Utilizar um princípio do mérito para atribuir posições escassas e desejáveis numa hierarquia laboral – e nas instituições educativas que prepararam as pessoas para esses trabalhos – será justo apenas se forem cumpridas várias condições. Em primeiro lugar, as qualificações devem definir-se em termos de capacidades técnicas e competência, independentemente do respeito por outros valores e por outras culturas, e de forma neutra relativamente a ambas as circunstâncias. Por competência técnica entendo a competência para produzir resultados específicos. Se o critério do mérito não distingue entre capacidades técnicas e atributos normativos ou culturais, não há forma de separar o facto de uma pessoa ser “boa” trabalhadora num certo sentido, de pertencer a classe de pessoa desse tipo – com os antecedentes indicados, um certo estilo de vida, etc. Em segundo lugar, para justificar as diferenças quanto aos privilégios laborais, as capacidades puramente técnicas e as competências devem ser “relativas ao trabalho”, no sentido de que podem predizer um desempenho excelente no seu cargo. Em terceiro lugar, para dizer que um indivíduo é mais qualificado do que outro, o seu desempenho e o desempenho que se tenha podido prever deve ser comparável e qualificável de acordo com regras que sejam independentes dos valores e da cultura, e neutras relativamente a ambas as circunstâncias.

Aqueles que defendem o princípio do mérito raramente duvidam de que estas condições se possam alcançar. Fishkin, por exemplo, considera óbvio que a competência técnica dos indivíduos se possa medir e prever com independência quanto a valores, propósitos e normas culturais. “É difícil acreditar – diz o autor – que numa sociedade moderna com uma diferenciação de tarefas complexa não se possam definir qualificações relacionadas com o trabalho dos indivíduos para prever melhores resultados” (Fishkin, 1983, p. 56). Pode ser que seja difícil de acreditar, mas é um facto que tais regras normativa e culturalmente neutras do desempenho individual não existem na maioria dos trabalhos. A ideia de um critério objectivo e não enviesado relativamente aos atributos pessoais é uma versão do ideal de imparcialidade, e é simplesmente impossível.

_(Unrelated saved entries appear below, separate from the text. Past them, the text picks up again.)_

(* (i) $U=u_1u_2u_1+u_1s_2s_1^{-1}s_2u_1+u_1s_2^{-1}s_1s_2^{-1}u_1+u_1\omega+u_1\omega^{-1}+u_1\omega^{-2}$. (ii) $H_4=U$.
   Context: Let $B_3=\langle s_1,s_2\mid s_1s_2s_1=s_2s_1s_2\rangle$, $R_4=\mathbb{Z}[a,b,c,d,d^{-1}]$, and let $H_4$ be the quotient of the group algebra $R_4B_3$ by the relations $s_i^4=as_i^3+bs_i^2+cs_i+d$ for $i=1,2$; identify $s_i$ with their images in $H_4$. For $i=1,2$ let $u_i$ be the $R_4$-subalgebra of $H_4$ generated by $s_i$. Set $\omega=s_2s_1^2s_2$. For $R_4$-submodules (or elements) $X_1,\dots,X_n$ of $H_4$, $X_1\cdots X_n$ denotes the $R_4$-submodule spanned by all products $x_1\cdots x_n$ with $x_j\in X_j$, and sums are sums of submodules. Define $U'=u_1u_2u_1+u_1s_2s_1^{-1}s_2u_1+u_1s_2^{-1}s_1s_2^{-1}u_1+u_1s_2^{-1}s_1^{-2}s_2^{-1}$ and $U=U'+u_1s_2s_1^{-2}s_2u_1+u_1s_2^{-2}s_1^{-2}s_2^{-2}u_1$. *)

From HB Require Import structures.
From mathcomp Require Import all_boot all_algebra.
Set Implicit Arguments. Unset Strict Implicit. Unset Printing Implicit Defensive.
Import GRing.Theory.
Local Open Scope ring_scope.

(* R-submodules of an R-algebra A are represented as predicates A -> Prop. *)
Section Submodules.
Variables (R : comUnitRingType) (A : unitAlgType R).

Inductive span (P : A -> Prop) : A -> Prop :=
| span0 : span P 0
| span_in x : P x -> span P x
| spanD x y : span P x -> span P y -> span P (x + y)
| spanZ (r : R) x : span P x -> span P (r *: x).

Definition elt (x : A) : A -> Prop := span (fun z => z = x).

Definition smul (X Y : A -> Prop) : A -> Prop :=
  span (fun z => exists x y, X x /\ Y y /\ z = x * y).

Definition sadd (X Y : A -> Prop) : A -> Prop :=
  span (fun z => X z \/ Y z).

Inductive subalg (g : seq A) : A -> Prop :=
| subalg_gen x : x \in g -> subalg g x
| subalg1 : subalg g 1
| subalgD x y : subalg g x -> subalg g y -> subalg g (x + y)
| subalgZ (r : R) x : subalg g x -> subalg g (r *: x)
| subalgM x y : subalg g x -> subalg g y -> subalg g (x * y).

Definition seteq (X Y : A -> Prop) : Prop := forall z, X z <-> Y z.

End Submodules.

(* Hypotheses defining (a quotient of) H_4 over a base ring with parameters
   a b c d : the images s1 s2 of the braid generators are units, satisfy the
   braid relation and the quartic relation s^4 = a s^3 + b s^2 + c s + d. *)
Definition H4_rels (R : comUnitRingType) (A : unitAlgType R)
    (a b c d : R) (s1 s2 : A) : Prop :=
  [/\ d \is a GRing.unit, s1 \is a GRing.unit & s2 \is a GRing.unit] /\
  [/\ s1 * s2 * s1 = s2 * s1 * s2,
      s1 ^+ 4 = a *: s1 ^+ 3 + b *: s1 ^+ 2 + c *: s1 + d%:A &
      s2 ^+ 4 = a *: s2 ^+ 3 + b *: s2 ^+ 2 + c *: s2 + d%:A].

Em primeiro lugar, a maioria dos trabalhos são demasiado complexos e multifacetados para permitir uma identificação precisa das suas tarefas de tal forma que possa vir a medir os níveis de desempenho nessas tarefas. Só são possíveis regras para avaliar o desempenho no trabalho que sejam precisas, valorativamente neutras e específicas de algumas tarefas, para trabalhos com um número limitado de funções definíveis, cada uma das quais é uma tarefa completa e claramente identificável que requer pouca habilidade verbal, imaginação ou sentido crítico (Fallon, 1980). Os trabalhos de introdução de dados ou de classificação do controlo de qualidade poderiam satisfazer estes requisitos, mas uma grande quantidade de trabalhos não satisfazem. Um agente de viagens, por exemplo, deve fazer documentos, comunicar eficientemente por telefone e através do computador com redes de informação em constante alteração, e estudar e ter à mão opções de pacotes turísticos para muitos destinos. O trabalho no sector de serviços, um sector de trabalho em grande expansão, em geral dificilmente pode ser avaliado com base em critérios de produtividade e eficiência aplicados à produção industrial, porque faz muito menos sentido contar os serviços prestados do que os produtos que saem na linha de montagem.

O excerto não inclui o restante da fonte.